Arten von Stromzählern, Vor- und Nachteile rückwärts drehender Zähler

Balkonkraftwerke werden immer beliebter und die Bundesregierung will diese weiter fördern. Nun geht es um weitere Erleichterungen, die ab 2024 in Kraft treten sollen. Für begrenzte Zeit solle rückwärtsdrehende Stromzähler erlaubt sein.

Balkonkraftwerke sind so beliebt wie nie zuvor
Balkonkraftwerke sind so beliebt wie nie zuvor (Bild: pixabay)

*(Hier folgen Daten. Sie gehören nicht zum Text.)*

Section LocalAlgebraModule.
Variables (R : fieldType) (H : falgType R) (V : vectType R).
Variables (m : H -> V -> V) (eps : H -> R).
Hypotheses (m_linl : forall a h k v, m (a *: h + k) v = a *: m h v + m k v)
  (m_linr : forall h a v w, m h (a *: v + w) = a *: m h v + m h w)
  (m1 : forall v, m 1 v = v) (mM : forall h k v, m (h * k) v = m h (m k v))
  (eps_lin : forall a h k, eps (a *: h + k) = a * eps h + eps k)
  (eps1 : eps 1 = 1) (epsM : forall h k, eps (h * k) = eps h * eps k)
  (loc : local_algebra H).

Let eps_linear a h k :
  (eps : H -> R^o) (a *: h + k) = a *: (eps h : R^o) + eps k.
Proof. exact: eps_lin. Qed.

Lemma character_unit_neq0 u : u \is a GRing.unit -> eps u != 0.
Proof.
move=> Uu; apply/eqP=> eps_u0.
by have /eqP := epsM u^-1 u; rewrite mulVr // eps1 eps_u0 mulr0 oner_eq0.
Qed.

(* [u] and [(eps u)%:A - u] would be nonunits with the unit [(eps u)%:A]
   as their sum. *)
Lemma unit_of_character_neq0 u : eps u != 0 -> u \is a GRing.unit.
Proof.
move=> eps_u0; apply/negPn/negP => nUu.
have eps_shift : eps ((eps u)%:A - u) = 0.
  rewrite (lin_axiomB eps_linear) (lin_axiomZ eps_linear) /= eps1.
  by rewrite -[_%:A]/(eps u * 1) mulr1 subrr.
have nUshift : (eps u)%:A - u \isn't a GRing.unit.
  by apply/negP => /character_unit_neq0; rewrite eps_shift eqxx.
have := loc nUu nUshift; rewrite addrC subrK.
by rewrite (rmorph_unit (in_alg H)) // unitfE.
Qed.

Definition aug_act (w : V) (x : H) : V := m x w - eps x *: w.

Lemma aug_act_linear w a x y :
  aug_act w (a *: x + y) = a *: aug_act w x + aug_act w y.
Proof.
rewrite /aug_act m_linl eps_lin scalerDl -scalerA scalerBr.
by rewrite addrACA opprD.
Qed.

Definition aug_span (w : V) : {vspace V} := limg (linfun (aug_act w)).

Lemma aug_spanP w v : v \in aug_span w <-> exists x, v = aug_act w x.
Proof.
have augE := linfun_axiomE (aug_act_linear w).
split; first by case/memv_imgP => x _ ->; exists x; exact: augE.
by case=> x ->; rewrite -augE; exact/memv_img/memvf.
Qed.
Lemma seqmin_le a s y : y \in a :: s -> (seqmin a s <= y)%R.
Proof.
elim: s y => [|b s IH] y /=; first by rewrite inE => /eqP ->.
rewrite !inE => /or3P [/eqP->|/eqP->|ys].
- by have := IH a (mem_head a s); case: ifP; lia.
- by case: ifP; lia.
- by have := IH y; rewrite inE ys orbT => /(_ isT); case: ifP; lia.
Qed.

Lemma cart_auxS f k a s (m := index (seqmin a s) (a :: s)) :
  cart_aux f.+1 k (a :: s) =
  Node (cart_aux f k (take m (a :: s))) (k + m.+1) (cart_aux f (k + m.+1) (drop m.+1 (a :: s))).
Proof. by []. Qed.

Lemma cart_aux_fuel f f' k x : size x <= f -> size x <= f' ->
  cart_aux f k x = cart_aux f' k x.
Proof.
elim: f f' k x => [|f IH] [|f'] k [|a s] // hf hf'.
rewrite !cart_auxS; have := seqmin_mem a s; rewrite -index_mem.
move: (index _ _) hf hf' => m /= hf hf' hm.
by congr Node; apply: IH; rewrite ?size_take ?size_drop //=; try case: ifP => ?; lia.
Qed.

Lemma cart_auxE f k x : size x <= f -> cart_aux f k x = cart_off k x.
Proof. by move=> hf; apply: cart_aux_fuel. Qed.

Lemma cart_off_split k (l : seq int) (m : int) (r : seq int) :
  {in l ++ r, forall y, (m < y)%R} ->
  cart_off k (l ++ m :: r) = Node (cart_off k l) (k + size l).+1 (cart_off (k + size l).+1 r).
Proof.
move=> m_min; have m_l : m \notin l.
  by apply/negP => ml; have := m_min m; rewrite mem_cat ml ltxx => /(_ isT).
have [a [s ex]] : exists a s, l ++ m :: r = a :: s by case: (l); do 2 eexists.
have min_m : seqmin a s = m.
  apply/le_anti/andP; split; first by apply: seqmin_le; rewrite -ex mem_cat mem_head orbT.
  have := seqmin_mem a s; rewrite -ex mem_cat inE orbCA => /orP [/eqP -> //|].
  by rewrite -mem_cat => /m_min/ltW.
have hs : size (l ++ m :: r) = (size s).+1 by rewrite ex.
rewrite /cart_off hs ex cart_auxS /m min_m -ex index_cat (negbTE m_l).
have -> : index m (m :: r) = 0 by rewrite /= eqxx.
rewrite addn0 addnS take_size_cat // -cat_rcons drop_size_cat ?size_rcons //.
rewrite size_cat /= in hs.
by congr Node; apply: cart_auxE; lia.
Qed.

Lemma cart_off_single k (p : int) : cart_off k [:: p] = Node Leaf k.+1 Leaf.
Proof. by have := @cart_off_split k [::] p [::]; rewrite addn0 => ->. Qed.

Lemma cart_off_cons_neq_leaf k a (s : seq int) : cart_off k (a :: s) <> Leaf.
Proof. by rewrite /cart_off cart_auxS. Qed.

Lemma uniq_min_split (x : seq int) : x != [::] -> uniq x ->
  exists l m r, x = l ++ m :: r /\ {in l ++ r, forall y, (m < y)%R}.
Proof.
case: x => [|a s] // _; have := @seqmin_le a s.
case/splitPr: (seqmin_mem a s) => l r min_le u; set m := seqmin a s in min_le u *.
have m_lr : m \notin l ++ r.
  by move: u; rewrite cat_uniq mem_cat negb_or /= => /and3P [_ /norP [-> _] /andP [-> _]].
exists l, m, r; split=> // y ylr; rewrite lt_neqAle; apply/andP; split.
  by apply: contraNneq m_lr => ->.
by apply: min_le; move: ylr; rewrite !mem_cat inE => /orP [->|->]; rewrite ?orbT.
Qed.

Verschiedene Arten von Stromzählern in Deutschland

In den Medien ist in Bezug auf Balkonkraftwerke fast täglich etwas Neues zu hören. Aktuell geht es um die Vorschriften für zu verwendende Zähler für Balkonkraftwerke. Hier stellt sich die Frage: Wechseln oder nicht? Die erst kürzlich veröffentlichten Diskussionen besagen, dass auch rückwärts drehende Zähler bis zu einem gewissen Zeitraum erlaubt sein sollen. Doch es gibt mehr als nur zwei Arten von Stromzählern, wie die folgende Übersicht zeigt:

1. Ferraris-Zähler

Der Ferraris-Zähler ist ein analoger Stromzähler, der als einzige Funktion den aktuellen Zählerstand anzeigen kann. Für Einbau, Messung und Betrieb verantwortlich ist der örtliche Netzbetreiber. Wichtig: Diese Zählerart muss bis spätestens 2032 überall ersetzt.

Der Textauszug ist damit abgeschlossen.